2. The group playing on the playground equipment were playing a rough game and one boy got injured. I had no idea as to which child was responsible but what was crazy was that about 4 or 5 boys just up and ran away saying 'it wasn't me, I'm getting out of here'. One girl offered him a free ride next turn but it was strange that no one seemed to comfort him.

I know that there is a lot of personal history and reasons as to why each of these children acted the way they did but it certainly shocked me and made me wonder how are my daughters going to be behaving in another 5-9 years on. How will they treat people?
It is never to early to teach children about being loving to all of God's creation and it is never too late to teach children that they are apart of God's creation and that they need to act accordingly.

Thursday, August 7, 2008

Teaching new things

I was thinking about what and how I went about teaching my daughter new things. It always excites me when I see someone teaching their child about a new thing or new skill. This is a list and an order of things that I used when teaching my daughter. It did help that she was talking reasonably early so I was encouraged when I was getting feedback.

1. Animals- simply that a cow it says moo

2. Foods, Clothing, everyday items.

3.Colours- Lots of questions and statements. E.g Look at the beautiful blue sky. Next day Look at the beautiful sky, what colour is the sky?

4. Shapes- Squares, triangles, circles, diamonds, rectangles, hearts, stars, oval(egg), crescents (moon) I would sit down with her and draw them a lot.

5. Counting. We didn't really deal with what numerals looked like at this stage but I would imagine some children could pick it up now.

6. Singing- Mostly nursery rhymes this lead to abc song. We started off with shorter songs. Twinkle Twinkle was first, then ba ba. I would just keep singing them and singing them to her and then one day she would just start singing them along with me and then she would tell me to stop as she wanted to sing them for herself. I mostly found that singing was a great way to improve memory and speech.


7. This is where we are at now and it is drawing. We are trying to draw different shapes such a squares and circles and triangles.

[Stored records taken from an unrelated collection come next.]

Lemma gram_quadratic_form N c (a : nat -> R) : (1 <= N)%nat ->
  sum_n (fun j => a j * sum_n (fun k => a k * gram N c j k) N) N
  = sum_n (fun k => a k ^ 2) N - sum_n_m (fun k => a (k - 1)%nat * a k) 1 N
    - a 0%nat * a N * c.
Proof.
  intros HN. destruct N as [|M]; [lia|].
  rewrite (sum_n_ext_loc _ (fun j => a j ^ 2
      - /2 * (a j * match j with 0 => 0 | S i => a i end)
      - /2 * (a j * if Nat.leb (S j) (S M) then a (S j) else 0)
      - /2 * c * (a j * a 0%nat * kron j (S M) + a j * a (S M) * kron j 0))).
  2:{ intros j Hj. rewrite gram_row by exact Hj. R_eq; ring. }
  rewrite !sum_n_Rminus, !sum_n_Rmult_l, sum_n_Rplus, sum_n_adjacent.
  rewrite (sum_n_kron (fun j => a j * a 0%nat)), (sum_n_kron (fun j => a j * a (S M)))
    by lia.
  rewrite (sum_n_Rsucc_l (fun j => a j * match j with 0 => 0 | S i => a i end)).
  rewrite (sum_n_Rsucc (fun j => a j * if Nat.leb (S j) (S M) then a (S j) else 0)).
  replace (Nat.leb (S (S M)) (S M)) with false by (symmetry; apply Nat.leb_gt; lia).
  rewrite (sum_n_ext_loc (fun j => a j * (if Nat.leb (S j) (S M) then a (S j) else 0))
             (fun j => a j * a (S j))).
  2:{ intros j Hj. replace (Nat.leb (S j) (S M)) with true
        by (symmetry; apply Nat.leb_le; lia). reflexivity. }
  rewrite (sum_n_ext (fun k => a (S k) * a k) (fun j => a j * a (S j)))
    by (intros; apply Rmult_comm).
  simpl. R_eq; field.
Qed.

Lemma Cmod_sum_sqr (a : nat -> R) (psi : R) n :
  Cmod (sum_n (fun k => Cmult (RtoC (a k)) (cexpi (INR k * psi))) n) ^ 2
  = sum_n (fun j => sum_n (fun k => a j * a k * cos ((INR j - INR k) * psi)) n) n.
Proof.
  rewrite Cmod2_alt, Re_sum_n, Im_sum_n.
  rewrite (sum_n_ext _ (fun k => a k * cos (INR k * psi)))
    by (intros k; unfold cexpi; simpl; R_eq; ring).
  rewrite (sum_n_ext (fun k => Im _) (fun k => a k * sin (INR k * psi)))
    by (intros k; unfold cexpi; simpl; R_eq; ring).
  rewrite <- !Rsqr_pow2. unfold Rsqr. rewrite !sum_n_Rmult, <- sum_n_Rplus.
  apply sum_n_ext; intros j. rewrite <- sum_n_Rplus. apply sum_n_ext; intros k.
  rewrite Rmult_minus_distr_r, cos_minus. R_eq; ring.
Qed.

Lemma Pr_double_sum N theta a l :
  Pr N theta a l = / INR (N + 1) *
    sum_n (fun j => sum_n (fun k => a j * a k * cos ((INR j - INR k) * phase N theta l)) N) N.
Proof.
  unfold Pr. rewrite <- Cmod_sum_sqr. do 3 f_equal.
  apply sum_n_ext; intros k. unfold phase. do 2 f_equal. ring.
Qed.

Lemma cos_mul_one_minus_cos m p :
  cos (m * p) * (1 - cos p)
  = cos (m * p) - /2 * cos ((m + 1) * p) - /2 * cos ((m - 1) * p).
Proof.
  replace ((m + 1) * p) with (m * p + p) by ring.
  replace ((m - 1) * p) with (m * p - p) by ring.
  rewrite cos_plus, cos_minus. field.
Qed.

Lemma W_gram_form N theta a : (1 <= N)%nat ->
  W N theta a = sum_n (fun j => a j *
    sum_n (fun k => a k * gram N (cos (2 * PI * INR (N + 1) * theta)) j k) N) N.
Proof.
  intros HN. pose proof (INR_succ_pos N). unfold W.
  rewrite (sum_n_ext _ (fun l => sum_n (fun j => sum_n (fun k =>
      a j * a k / INR (N + 1) * (cos ((INR j - INR k) * phase N theta l)
        - /2 * cos ((INR j - INR k + 1) * phase N theta l)
        - /2 * cos ((INR j - INR k - 1) * phase N theta l))) N) N)).
  2:{ intros l. rewrite Pr_double_sum. fold (phase N theta l).
      rewrite Rmult_comm, <- Rmult_assoc, <- sum_n_Rmult_l. apply sum_n_ext; intros j.
      rewrite <- sum_n_Rmult_l. apply sum_n_ext; intros k.
      rewrite <- cos_mul_one_minus_cos. R_eq; field. lra. }
  rewrite sum_n_Rswitch. apply sum_n_ext_loc; intros j Hj.
  rewrite sum_n_Rswitch, <- sum_n_Rmult_l. apply sum_n_ext_loc; intros k Hk.
  rewrite sum_n_Rmult_l, !sum_n_Rminus, !sum_n_Rmult_l.
  rewrite <- (char_sum_second_difference N theta j k) by lia.
  unfold char_sum. R_eq; field. lra.
Qed.

Lemma W_closed_form N theta a : (1 <= N)%nat ->
  W N theta a = sum_n (fun k => a k ^ 2) N - sum_n_m (fun k => a (k - 1)%nat * a k) 1 N
    - a 0%nat * a N * cos (2 * PI * INR (N + 1) * theta).
Proof. intros HN. rewrite W_gram_form by exact HN. apply gram_quadratic_form, HN. Qed.

Lemma weighted_am_gm x y p q : 0 < p -> 0 < q ->
  2 * (x * y) <= x ^ 2 / p * q + y ^ 2 / q * p.
Proof.
  intros Hp Hq.
  assert (Hsq : x ^ 2 / p * q + y ^ 2 / q * p - 2 * (x * y) = (x * q - y * p) ^ 2 / (p * q))
    by (field; lra).
  assert (0 <= (x * q - y * p) ^ 2 / (p * q)).
  { apply Rdiv_le_0_compat; [apply pow2_ge_0|apply Rmult_lt_0_compat; lra]. }
  lra.
Qed.

Section Adjacent_products.

Variables (M : nat) (c : R) (s : nat -> R).
Hypothesis s_0 : s 0%nat = 0.
Hypothesis s_end : s (S (S M)) = 0.
Hypothesis s_pos : forall k, (1 <= k <= S M)%nat -> 0 < s k.
Hypothesis s_rec : forall k, (1 <= k <= S M)%nat -> s (S k) + s (pred k) = 2 * c * s k.

(* [u a 0] is the junk value [a 0 ^ 2 / 0 = 0]. *)
Let u (a : nat -> R) (j : nat) : R := a j ^ 2 / s j.

Lemma sum_weighted_adjacent (a : nat -> R) : a 0%nat = 0 ->
  sum_n (fun j => u a j * s (S j) + u a (S j) * s j) M
  = 2 * c * sum_n (fun k => a k ^ 2) (S M).
Proof.
  intros Ha0.
  assert (Hu0 : u a 0 = 0) by (unfold u; rewrite Ha0; unfold Rdiv; ring).
  rewrite sum_n_Rplus.
  assert (Hfwd : sum_n (fun j => u a j * s (S j)) M = sum_n (fun j => u a j * s (S j)) (S M))
    by (rewrite sum_n_Rsucc, s_end, Rmult_0_r, Rplus_0_r; reflexivity).
  assert (Hbwd : sum_n (fun j => u a (S j) * s j) M
                 = sum_n (fun j => u a j * s (pred j)) (S M))
    by (rewrite sum_n_Rsucc_l, Hu0, Rmult_0_l, Rplus_0_l; reflexivity).
  rewrite Hfwd, Hbwd, <- sum_n_Rplus, <- sum_n_Rmult_l.
  apply sum_n_ext_loc; intros [|j] Hj.
  - rewrite Hu0, Ha0. R_eq; ring.
  - rewrite <- Rmult_plus_distr_l, s_rec by lia. unfold u.
    pose proof (s_pos (S j) ltac:(lia)). R_eq; field. lra.
Qed.

Lemma adjacent_products_le (a : nat -> R) : a 0%nat = 0 ->
  2 * sum_n (fun j => a j * a (S j)) M <= 2 * c * sum_n (fun k => a k ^ 2) (S M).
Proof.
  intros Ha0. rewrite <- sum_weighted_adjacent, <- sum_n_Rmult_l by exact Ha0.
  apply sum_n_Rle; intros [|j] Hj.
  - unfold u. rewrite Ha0, s_0. unfold Rdiv. lra.
  - apply weighted_am_gm; apply s_pos; lia.
Qed.

Lemma adjacent_products_eq (lam : R) :
  2 * sum_n (fun j => lam * s j * (lam * s (S j))) M
  = 2 * c * sum_n (fun k => (lam * s k) ^ 2) (S M).
Proof.
  rewrite <- (sum_weighted_adjacent (fun k => lam * s k)) by (rewrite s_0; ring).
  rewrite <- sum_n_Rmult_l. apply sum_n_ext; intros j. unfold u.
  assert (Hu : forall k, (lam * s k) ^ 2 / s k = lam ^ 2 * s k).
  { intros k. destruct (Req_dec (s k) 0) as [E|E].
    - rewrite E. unfold Rdiv. ring.
    - field. exact E. }
  rewrite !Hu. R_eq; ring.
Qed.

End Adjacent_products.

Definition sin_mode (N k : nat) : R := sin (INR k * PI / INR (N + 1)).

Lemma sin_mode_0 N : sin_mode N 0 = 0.
Proof. unfold sin_mode. simpl. unfold Rdiv. rewrite !Rmult_0_l. apply sin_0. Qed.

Lemma sin_mode_end N : sin_mode N (S N) = 0.
Proof.
  pose proof (INR_succ_pos N). unfold sin_mode. replace (S N) with (N + 1)%nat by lia.
  replace (INR (N + 1) * PI / INR (N + 1)) with PI by (field; lra). apply sin_PI.
Qed.

Lemma sin_mode_pos N k : (1 <= k <= N)%nat -> 0 < sin_mode N k.
Proof.
  intros Hk. pose proof (INR_succ_pos N). pose proof PI_RGT_0.
  assert (0 < INR k) by (apply lt_0_INR; lia).
  assert (INR k < INR (N + 1)) by (apply lt_INR; lia).
  apply sin_gt_0.
  - apply Rdiv_lt_0_compat; [apply Rmult_lt_0_compat|]; lra.
  - apply (Rmult_lt_reg_r (INR (N + 1))); [lra|].
    unfold Rdiv. rewrite Rmult_assoc, Rinv_l, Rmult_1_r by lra. nra.
Qed.

Lemma sin_mode_rec N k : (1 <= k)%nat ->
  sin_mode N (S k) + sin_mode N (pred k) = 2 * cos (PI / INR (N + 1)) * sin_mode N k.
Proof.
  intros Hk. destruct k as [|k]; [lia|]. unfold sin_mode, Rdiv. simpl pred.
  set (x := PI * / INR (N + 1)).
  replace (INR (S (S k)) * PI * / INR (N + 1)) with (INR (S k) * x + x)
    by (unfold x; rewrite (S_INR (S k)); ring).
  replace (INR k * PI * / INR (N + 1)) with (INR (S k) * x - x)
    by (unfold x; rewrite S_INR; ring).
  replace (INR (S k) * PI * / INR (N + 1)) with (INR (S k) * x) by (unfold x; ring).
  rewrite sin_plus, sin_minus. ring.
Qed.

Lemma sum_sin_mode_sq N : (1 <= N)%nat ->
  sum_n (fun k => sin_mode N k ^ 2) N = INR (N + 1) / 2.
Proof.
  intros HN. pose proof (INR_succ_pos N).
  rewrite (sum_n_ext _ (fun k => /2 - /2 * cos (INR 1 * phase N 0 k))).
  - rewrite sum_n_Rminus, sum_n_Rmult_l, sum_n_const.
    change (sum_n _ N) with (char_sum N 0 (INR 1)). rewrite char_sum_vanish by lia.
    rewrite plus_INR, S_INR. simpl. R_eq; field.
  - intros k. unfold sin_mode, phase. simpl INR.
    replace (1 * (2 * PI * (0 - INR k / INR (N + 1)))) with (- (2 * (INR k * PI / INR (N + 1))))
      by (field; lra).
    rewrite cos_neg, cos_2a_sin. R_eq; field.
Qed.

Lemma sum_scaled_sin_mode_sq N : (1 <= N)%nat ->
  sum_n (fun k => (sqrt (2 / INR (N + 1)) * sin_mode N k) ^ 2) N = 1.
Proof.
  intros HN. pose proof (INR_succ_pos N).
  rewrite (sum_n_ext _ (fun k => 2 / INR (N + 1) * sin_mode N k ^ 2)).
  - rewrite sum_n_Rmult_l, sum_sin_mode_sq by exact HN. R_eq; field. lra.
  - intros k. rewrite Rpow_mult_distr, pow2_sqrt; [reflexivity|].
    apply Rlt_le, Rdiv_lt_0_compat; lra.
Qed.

Lemma one_minus_cos_half_angle N :
  1 - cos (PI / INR (N + 1)) = 2 * sin (PI / INR (2 * N + 2)) ^ 2.
Proof.
  pose proof (INR_succ_pos N).
  replace (PI / INR (N + 1)) with (2 * (PI / INR (2 * N + 2))).
  - rewrite cos_2a_sin. ring.
  - replace (INR (2 * N + 2)) with (2 * INR (N + 1)) by (rewrite !plus_INR, mult_INR; simpl; ring).
    field. lra.
Qed.

Lemma sin_mode_adjacent_le M (a : nat -> R) : a 0%nat = 0 ->
  2 * sum_n (fun j => a j * a (S j)) M
  <= 2 * cos (PI / INR (S M + 1)) * sum_n (fun k => a k ^ 2) (S M).
Proof.
  apply adjacent_products_le with (s := sin_mode (S M)).
  - apply sin_mode_0.
  - apply sin_mode_end.
  - apply sin_mode_pos.
  - intros k Hk. apply sin_mode_rec. lia.
Qed.

Lemma sin_mode_adjacent_eq M (lam : R) :
  2 * sum_n (fun j => lam * sin_mode (S M) j * (lam * sin_mode (S M) (S j))) M
  = 2 * cos (PI / INR (S M + 1)) * sum_n (fun k => (lam * sin_mode (S M) k) ^ 2) (S M).
Proof.
  apply adjacent_products_eq.
  - apply sin_mode_0.
  - apply sin_mode_end.
  - apply sin_mode_pos.
  - intros k Hk. apply sin_mode_rec. lia.
Qed.

Theorem mainTheorem6 (N : nat) (HN : (1 <= N)%nat) :
  (forall (theta : R) (a : nat -> R),
     0 <= theta < 1 ->
     sum_n (fun k => a k ^ 2) N = 1 ->
     W N theta a =
       1 - sum_n_m (fun k => a (k - 1)%nat * a k) 1 N
         - a 0%nat * a N * cos (2 * PI * INR (N + 1) * theta))
  /\
  (forall a : nat -> R,
     a 0%nat = 0 ->
     sum_n (fun k => a k ^ 2) N = 1 ->
     forall theta theta' : R, 0 <= theta < 1 -> 0 <= theta' < 1 ->
       W N theta a = W N theta' a)
  /\
  (forall theta : R, 0 <= theta < 1 ->
     (forall a : nat -> R,
        a 0%nat = 0 ->
        sum_n_m (fun k => a k ^ 2) 1 N = 1 ->
        2 * sin (PI / INR (2 * N + 2)) ^ 2 <= W N theta a)
     /\
     (let astar := fun k : nat => sqrt (2 / INR (N + 1)) * sin (INR k * PI / INR (N + 1)) in
      sum_n_m (fun k => astar k ^ 2) 1 N = 1 /\
      W N theta astar = 2 * sin (PI / INR (2 * N + 2)) ^ 2)).
Proof.
  split; [|split].
  - intros theta a _ Hsq. rewrite W_closed_form, Hsq by exact HN. reflexivity.
  - intros a Ha0 _ theta theta' _ _. rewrite !W_closed_form, Ha0 by exact HN. R_eq; ring.
  - intros theta _. destruct N as [|M]; [lia|].
    rewrite <- one_minus_cos_half_angle. split.
    + intros a Ha0 Hsq.
      assert (Hsum : sum_n (fun k => a k ^ 2) (S M) = 1)
        by (rewrite sum_n_split_head, Hsq, Ha0; R_eq; ring).
      pose proof (sin_mode_adjacent_le M a Ha0) as Hle.
      rewrite W_closed_form, sum_n_adjacent, Hsum, Ha0 by exact HN.
      rewrite Hsum in Hle. lra.
    + intros astar.
      pose proof (sum_scaled_sin_mode_sq (S M) HN) as Hsum.
      pose proof (sin_mode_adjacent_eq M (sqrt (2 / INR (S M + 1)))) as Heq.
      set (lam := sqrt (2 / INR (S M + 1))) in *.
      change astar with (fun k => lam * sin_mode (S M) k).
      rewrite Hsum in Heq. split.
      * rewrite sum_n_split_head, sin_mode_0 in Hsum. rewrite <- Hsum. R_eq; ring.
      * rewrite W_closed_form, (sum_n_adjacent (fun k => lam * sin_mode (S M) k)), sin_mode_0
          by exact HN.
        rewrite Hsum. R_eq; lra.
Qed.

We use them to draw faces e.g

8. Next using the knowledge of drawing lines and circles we will start trying to recognise and then draw letters and then numerals.

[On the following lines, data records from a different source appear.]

(* Let $K$ be a compact metrizable space of topological dimension at most $1$, and let $J$ be a compact subset of $K$. Let $B$ be a uniform algebra on $J$ with dense invertibles, and let $A=\{f\in C(K): f|_J\in B\}$. Then $A$ has dense invertibles.
   Context: A uniform algebra on a compact Hausdorff space $J$ is a closed subalgebra of $C(J)$ (supremum norm) containing the constants and separating points. A uniform algebra has dense invertibles if its invertible elements are dense in it. Topological dimension means Lebesgue covering dimension. *)

From Stdlib Require Import Reals Lra.
Open Scope R_scope.

Definition Cx : Type := (R * R)%type.
Definition Cadd (z w : Cx) : Cx := (fst z + fst w, snd z + snd w).
Definition Cmul (z w : Cx) : Cx :=
  (fst z * fst w - snd z * snd w, fst z * snd w + snd z * fst w).
Definition Copp (z : Cx) : Cx := (- fst z, - snd z).
Definition Cone : Cx := (1, 0).
Definition Cmod (z : Cx) : R := sqrt (fst z * fst z + snd z * snd z).

Record MetricSpace := MkMetricSpace {
  pt :> Type;
  dist : pt -> pt -> R;
  dist_self : forall x, dist x x = 0;
  dist_eq : forall x y, dist x y = 0 -> x = y;
  dist_sym : forall x y, dist x y = dist y x;
  dist_tri : forall x y z, dist x z <= dist x y + dist y z
}.
Arguments dist {m} _ _.

Definition is_open {X : MetricSpace} (U : X -> Prop) : Prop :=
  forall x, U x -> exists r, 0 < r /\ forall y, dist x y < r -> U y.

Definition compact_set {X : MetricSpace} (J : X -> Prop) : Prop :=
  forall (I : Type) (U : I -> X -> Prop),
    (forall i, is_open (U i)) ->
    (forall x, J x -> exists i, U i x) ->
    exists l : list I, forall x, J x -> exists i, List.In i l /\ U i x.

Definition compact_space (X : MetricSpace) : Prop :=
  compact_set (fun _ : X => True).

(* Lebesgue covering dimension <= 1: every finite open cover U_0..U_{n-1}
   has a finite open refinement V_0..V_{m-1} of order <= 1, i.e. no point
   lies in three members with distinct indices. *)
Definition covering_dim_le1 (X : MetricSpace) : Prop :=
  forall (n : nat) (U : nat -> X -> Prop),
    (forall i, (i < n)%nat -> is_open (U i)) ->
    (forall x, exists i, (i < n)%nat /\ U i x) ->
    exists (m : nat) (V : nat -> X -> Prop),
      (forall j, (j < m)%nat -> is_open (V j)) /\
      (forall x, exists j, (j < m)%nat /\ V j x) /\
      (forall j, (j < m)%nat -> exists i, (i < n)%nat /\ forall x, V j x -> U i x) /\
      (forall x i j k, (i < m)%nat -> (j < m)%nat -> (k < m)%nat ->
         i <> j -> j <> k -> i <> k -> V i x -> V j x -> V k x -> False).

This has been my current plan but I am sure I have left out a lot. Any other ideas as to what you have used would be greatly appreciated.

This is only an academic side of things which I suppose is more what I understand. I do know one sticks to their strengths but it means we often miss things like the physical, the mechanical, the imagination and lots of other things. It is certainly hard to get out of our own comfort zones to encourage our kids in all areas of life. Who knows maybe we will find out that things we didn't like as children might be more fun as an adult. Watch out Monkey Bars.

Wednesday, August 6, 2008

If you want your children to improve, let them overhear the nice things you say about them to others.
Haim Ginott


Can you just imagine the child just out of shot.
Mother: Well Mrs Willis, I can not tell you how much I appreciate (insert name) he was such a help to me this morning. He put his own dishes into the dishwasher this morning. He is growing to be such a big help to me.

One aside, I have also heard a very similar quote but it replaces children with husbands.

Why yes its another blog


This blog is to be dedicated to raising and enjoying my children.
Some posts will be about great new games we have learnt or craft or fun activities we can play with our children.
Some posts will be information that has struck or provoked a thought about raising my children. After all how can I enjoy my children if I don't raise them to be enjoyable, both to myself as well as others.
And some posts make be a simple thought for the day, maybe a quote or a bible verse about children and their training.
I do not hold to any particular author, child educator, or teacher so please bear that in mind for when I use a quote from someone it does NOT mean that I agree or esteem their opinions. I will be taking each particular quote for face value.

All that being said I would love for you to share some ideas about how you enjoy your children too.